PETALING JAYA: Petronas Gas Bhd (PetGas) has allocated a larger capital expenditure (capex) of RM1.4 billion for 2022 compared with RM1.2 billion spent in the previous year.
“We’re spending slightly higher because as the country enters an endemic phase, we are expecting to have more maintenance activities and further progress in the growth projects announced last year,” its managing director and CEO Abdul Aziz Othman explained to the media during a virtual briefing after the group’s AGM yesterday.
“Moving forward in 2022, PetGas will continue to seize opportunities to deliver gas solutions in a responsible and sustainable manner, while progressing and realising our identified growth projects.”
Aziz stated that these include pursuing integrated solutions for power and utilities at new industrial zones in Malaysia, growing power generation and regasification capacities in Malaysia and regional, as well as step out opportunities brought about by the energy transition
When asked about the impact of gas demand recovery, the managing director and CEO clarified that the return of demand since mid-2021 has not made much impact to the group’s performance.
He said its business revolves round service capacity which has been fully booked by shippers on a long-term basis and, subsequently, it managed to sustain its revenue levels even during the pandemic due to this.

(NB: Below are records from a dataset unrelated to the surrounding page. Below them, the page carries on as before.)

Lemma selmer_i_iff (p q : nat) (mu : algC) (eps : int) :
  prime p -> prime q -> q = (p + 2)%N -> (p %% 4 = 3)%N -> Zi mu -> q%:R = mu * mu^* ->
  (eps = 1 \/ eps = -1) -> selmer_phi eps p q 'i <-> (p %% 8 = 7)%N.
Proof.
move=> hp + q_twin; rewrite q_twin => hq p4 hmu hqmu heps; have oq : odd (p + 2) by lia.
have hmus := ZiC hmu; have hqmus : (p + 2)%:R = mu^* * mu^*^* by rewrite conjCK mulrC.
have [r [hr hir]] := split_root hq hmu hqmu; have [rs [hrs hirs]] := split_root hq hmus hqmus.
have mu_prime := gprime_split hq hmu hqmu hr hir.
have mus_prime := gprime_split hq hmus hqmus hrs hirs.
split=> [[_ _ hloc] | p7].
  have [//|p7] := eqVneq (p %% 8)%N 7%N; exfalso.
  have q8 : ((p + 2) %% 8 = 5)%N by lia.
  apply: (not_loc_solv_twin hq q8 (prime_gt0 hp) hmu hqmu hr hir heps).
  exact: hloc mu mu_prime (split_dvd_mul hmu hqmu (2 * p)).
have q8 : ((p + 2) %% 8 = 1)%N by lia.
split.
- by split=> [||pi hpi _]; [exact/Kq_Zi/Zi_i | exact: neq0Ci | exact: not_ord_odd_unit hpi gunit_i].
- by exists 0, (sqrtC 'i); rewrite /Cd_eq sqrtCK; ring.
move=> pi hpi /(gprime_dvd_2pq hpi hmu hqmu) [] hdvd.
- apply: (loc_solv_gprime_dvd hpi gprime_1i hdvd).
  apply: (loc_solv_1i _ _ (t := (p %/ 8)%N.+1%:Z)) erefl.
  by have := divn_eq p 8; rewrite p7; lia.
- apply: (loc_solv_gprime_dvd hpi (gprime_inert hp p4) hdvd); exact: loc_solv_inert.
- apply: (loc_solv_gprime_dvd hpi mu_prime hdvd); exact: loc_solv_split hq oq q8 hmu hqmu hr hir.
apply: (loc_solv_gprime_dvd hpi mus_prime hdvd); exact: loc_solv_split hq oq q8 hmus hqmus hrs hirs.
Qed.

Theorem proposition2p9 (p q : nat) (mu : algC) (eps : int) :
  prime p -> prime q -> odd p -> odd q -> q = (p + 2)%N -> (p %% 4 = 3)%N ->
  girred mu -> girred mu^* -> q%:R = mu * mu^* ->
  (eps = 1 \/ eps = -1) ->
  (forall d : algC, in_KS2 p q d ->
     (ord_odd mu d \/ ord_odd mu^* d \/ ord_odd p%:R d \/ ord_odd (1 - 'i) d) ->
     ~ selmer_phi eps p q d)
  /\ (selmer_phi eps p q 'i <-> (p %% 8 = 7)%N).
Proof.
move=> hp hq _ oq q_twin p4 [hmu _ _ _] [hmus _ _ _] hqmu heps.
split; last exact: selmer_i_iff hp hq q_twin p4 hmu hqmu heps.
have hqmus : q%:R = mu^* * mu^*^* by rewrite conjCK mulrC.
move=> d _ [h|[h|[h|h]]].
- exact: not_selmer_ord_odd_split hq oq hmu hqmu h.
- exact: not_selmer_ord_odd_split hq oq hmus hqmus h.
- exact: not_selmer_ord_odd_inert hp p4 h.
exact: not_selmer_ord_odd_1i h.
Qed.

With regard to the expression of interest for a gas storage tank in Pengerang it issued last year, Aziz believes there is a need for more storage capacity given the current condition of the liquefied natural gas (LNG) market.
“At the moment, the process of getting a client to book capacity with us is still ongoing and if everything goes well, we’ll be able to announce if we are going to proceed with the third storage tank by the end of the year.”
On the subject of its capital structure, PetGas CFO Shariza Sharis Mohd Yusof stated that it is looking at further optimising its gearing.
She explained that the exercise is not just about raising gearing for gearing’s sake. The decision to do so will be aligned with all the growth opportunities the group is pursuing.
“This capital review exercise is ongoing, we started one and a half years ago, raised some sukuk at our regasification terminal in Pengerang and last year we also raised some external financing facility for our gas transportation business.
“Moving forward we’ll be looking at other parts of the business. Should things align in terms of our internal requirement for funding against the external market conditions, we’ll look at optimising our capital structure or gearing levels,” said Shariza.